Your goal: In the entries that follow, the first line to write out is the one containing "(* The binomial", and the last is the one containing "replace (u - 1". Reproduce that stretch exactly, with nothing before or after it.

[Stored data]
=== Begin Enclosure ===

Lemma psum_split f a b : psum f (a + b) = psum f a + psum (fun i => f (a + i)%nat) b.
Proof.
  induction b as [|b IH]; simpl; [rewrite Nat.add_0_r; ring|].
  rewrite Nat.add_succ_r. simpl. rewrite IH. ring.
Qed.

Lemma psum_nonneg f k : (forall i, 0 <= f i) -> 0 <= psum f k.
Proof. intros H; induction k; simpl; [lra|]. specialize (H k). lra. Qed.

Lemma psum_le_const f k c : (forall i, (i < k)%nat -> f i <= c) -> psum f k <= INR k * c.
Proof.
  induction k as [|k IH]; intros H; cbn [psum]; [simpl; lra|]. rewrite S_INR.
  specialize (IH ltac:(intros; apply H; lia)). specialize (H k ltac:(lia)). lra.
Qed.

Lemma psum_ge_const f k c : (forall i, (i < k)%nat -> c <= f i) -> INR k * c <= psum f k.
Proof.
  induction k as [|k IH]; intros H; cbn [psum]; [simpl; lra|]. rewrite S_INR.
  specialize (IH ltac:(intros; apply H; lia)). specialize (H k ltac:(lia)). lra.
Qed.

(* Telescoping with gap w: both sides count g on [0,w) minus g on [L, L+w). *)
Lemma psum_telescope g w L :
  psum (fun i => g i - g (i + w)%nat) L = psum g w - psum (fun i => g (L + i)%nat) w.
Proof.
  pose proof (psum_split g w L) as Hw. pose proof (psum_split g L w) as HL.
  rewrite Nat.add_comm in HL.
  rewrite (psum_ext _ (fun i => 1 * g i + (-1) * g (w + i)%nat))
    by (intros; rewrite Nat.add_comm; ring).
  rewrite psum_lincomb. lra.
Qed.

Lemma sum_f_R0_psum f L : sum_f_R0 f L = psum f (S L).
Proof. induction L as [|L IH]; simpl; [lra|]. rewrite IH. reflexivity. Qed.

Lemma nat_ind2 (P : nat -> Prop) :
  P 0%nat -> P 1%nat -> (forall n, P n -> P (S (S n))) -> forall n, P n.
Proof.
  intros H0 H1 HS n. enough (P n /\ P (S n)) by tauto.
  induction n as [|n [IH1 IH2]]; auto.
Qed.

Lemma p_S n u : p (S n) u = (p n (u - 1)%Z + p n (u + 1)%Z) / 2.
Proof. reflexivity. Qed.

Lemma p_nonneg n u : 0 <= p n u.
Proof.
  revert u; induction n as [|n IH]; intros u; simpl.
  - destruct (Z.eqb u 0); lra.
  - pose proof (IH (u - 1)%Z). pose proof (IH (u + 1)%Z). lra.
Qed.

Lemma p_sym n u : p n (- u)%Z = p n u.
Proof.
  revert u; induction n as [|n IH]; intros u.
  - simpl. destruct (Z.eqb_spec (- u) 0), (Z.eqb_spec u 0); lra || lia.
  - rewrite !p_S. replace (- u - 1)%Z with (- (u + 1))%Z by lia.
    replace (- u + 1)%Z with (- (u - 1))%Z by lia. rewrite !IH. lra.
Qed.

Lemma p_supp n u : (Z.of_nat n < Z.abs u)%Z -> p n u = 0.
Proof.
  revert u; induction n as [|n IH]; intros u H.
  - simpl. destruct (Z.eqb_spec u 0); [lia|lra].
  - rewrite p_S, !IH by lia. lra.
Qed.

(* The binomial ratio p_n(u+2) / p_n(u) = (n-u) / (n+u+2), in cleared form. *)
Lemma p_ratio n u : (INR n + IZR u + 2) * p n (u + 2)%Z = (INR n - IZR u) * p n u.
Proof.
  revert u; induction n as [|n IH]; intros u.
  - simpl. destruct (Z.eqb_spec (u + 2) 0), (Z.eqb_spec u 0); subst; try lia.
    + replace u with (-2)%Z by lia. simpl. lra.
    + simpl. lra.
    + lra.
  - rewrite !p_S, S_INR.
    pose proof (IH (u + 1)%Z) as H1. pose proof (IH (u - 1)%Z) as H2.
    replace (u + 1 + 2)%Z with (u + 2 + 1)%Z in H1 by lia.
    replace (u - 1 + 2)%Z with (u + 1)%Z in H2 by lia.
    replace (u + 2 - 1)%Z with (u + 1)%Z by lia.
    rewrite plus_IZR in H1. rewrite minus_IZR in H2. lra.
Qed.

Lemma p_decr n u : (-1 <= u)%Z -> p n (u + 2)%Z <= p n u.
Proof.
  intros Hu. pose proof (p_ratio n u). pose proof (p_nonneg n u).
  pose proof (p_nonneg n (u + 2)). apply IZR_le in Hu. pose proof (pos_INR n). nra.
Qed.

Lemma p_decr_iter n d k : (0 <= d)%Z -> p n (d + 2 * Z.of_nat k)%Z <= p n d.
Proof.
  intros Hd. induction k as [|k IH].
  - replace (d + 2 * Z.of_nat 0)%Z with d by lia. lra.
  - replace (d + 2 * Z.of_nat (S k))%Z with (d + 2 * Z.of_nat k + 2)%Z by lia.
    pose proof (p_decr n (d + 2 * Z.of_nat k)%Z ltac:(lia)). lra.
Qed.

=== End Enclosure ===

Finished exercise:
(* The binomial ratio p_n(u+2) / p_n(u) = (n-u) / (n+u+2), in cleared form. *)
Lemma p_ratio n u : (INR n + IZR u + 2) * p n (u + 2)%Z = (INR n - IZR u) * p n u.
Proof.
  revert u; induction n as [|n IH]; intros u.
  - simpl. destruct (Z.eqb_spec (u + 2) 0), (Z.eqb_spec u 0); subst; try lia.
    + replace u with (-2)%Z by lia. simpl. lra.
    + simpl. lra.
    + lra.
  - rewrite !p_S, S_INR.
    pose proof (IH (u + 1)%Z) as H1. pose proof (IH (u - 1)%Z) as H2.
    replace (u + 1 + 2)%Z with (u + 2 + 1)%Z in H1 by lia.
    replace (u - 1 + 2)%Z with (u + 1)%Z in H2 by lia.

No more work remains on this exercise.